British trade union leader

William Stubbs (1835 or 1836 - 16 March 1914) was a British trade union leader.

Stubbs grew up in Leek, Staffordshire, and became a shoemaker. He was a supporter of trade unionism, and became the secretary of the Silk Dyers’ General Society in the town, and by 1872 was also the secretary of the Silk Twisters' Society by 1872, while remaining a shoemaker. He was also active in the Ancient Order of Foresters.

In 1872, the unions put in a claim for a 10% wage increase, which they stated would still leave them earning less than other workers in the industry had already received. This was denied, and so Stubbs led a strike, increasing the demand to a 20% increase with extra for overtime. When the owners offered 10%, Stubbs persuaded the union to settle. He remained leader of the unions, which declined in membership.

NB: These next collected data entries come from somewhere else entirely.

Lemma grid_reflect k L U c (F : set G) (q : G -> X) : A c -> controls A h L U c (tol k) ->
  finite_set F -> F `<=` M -> (forall i, F i -> U i (q i) /\ D (q i)) ->
  exists Ls Us cs, [/\ A cs, controls A h Ls Us cs (tol k), [set` Ls] `<=` M,
    forall i, F i -> cs i = q i & `|h c - h cs| < tol k *+ 3].
Proof.
move=> Ac ctrl fF FM qP; pose P := [set (i, q i) | i in F].
have [z hz] := grid_approx (h c) (tol_gt0 k).
have [|e1 [Ae1 e1q] close1] := controls_korovin A_korovin (N := F)
    (p := fun i => if i \in F then q i else c i) ctrl (finite_set_countable fF).
  by move=> i _; case: ifPn => [/set_mem/qP[]//|_]; exact: (ctrl.1 i).2.
have fit1 : grid_fit P z k e1.
  split=> //; first by move=> _ [i Fi <-]; rewrite e1q // mem_set.
  by rewrite (le_lt_trans (ler_distD (h c) _ _)) // mulr2n ltrD // distrC.
have [cs [Us [[Acs cs_matches cs_dist] ctrl_s]]] := grid_seq_spec fit1.
exists (grid_seq P z k), Us, cs; split=> //.
- apply: subset_trans (M_closed fF FM) => x sx; exists (P, z, k) => //; split.
    by move=> _ [i Fi <-]; split=> //=; exact: (qP i Fi).2.
  exact: finite_image.
- by move=> i Fi; apply: (cs_matches (i, q i)); exists i.
- by rewrite (le_lt_trans (ler_distD (z%:~R * tol k) _ _)) // mulrS ltrD // distrC.
Qed.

In 1884, the Amalgamated Society of Silk Pickers was established, and Stubbs also became its secretary. This was followed by the foundation of the Amalgamated Society of Winders, Fillers and Braid Makers in 1889, the Amalgamated Society of Silk Spinners and Throwsters in 1890, and the Amalgamated Society of Female Silk Operatives in 1892, Stubbs leading them all. Yet all these unions remained very small, membership in 1892 ranging from 230 for the Pickers, down to 33 for the Spinners. The Dyers dissolved at some point, and a new Leek Amalgamated Society of Silk and Cotton Dyers was established in 1897, again under Stubbs' leadership. Stubbs also served on Leek Board of Guardians from 1901 to 1907, and 1908 onwards.

William Bromfield came to prominence in the Leek union movement, and began taking over as leader of many of the unions. By 1907, Stubbs was secretary only of the Twisters and the Pickers. He supported the formation of the Leek Textile Federation that year, and was nominated as its secretary, and was defeated by Bromfield. He died in 1914, still in office.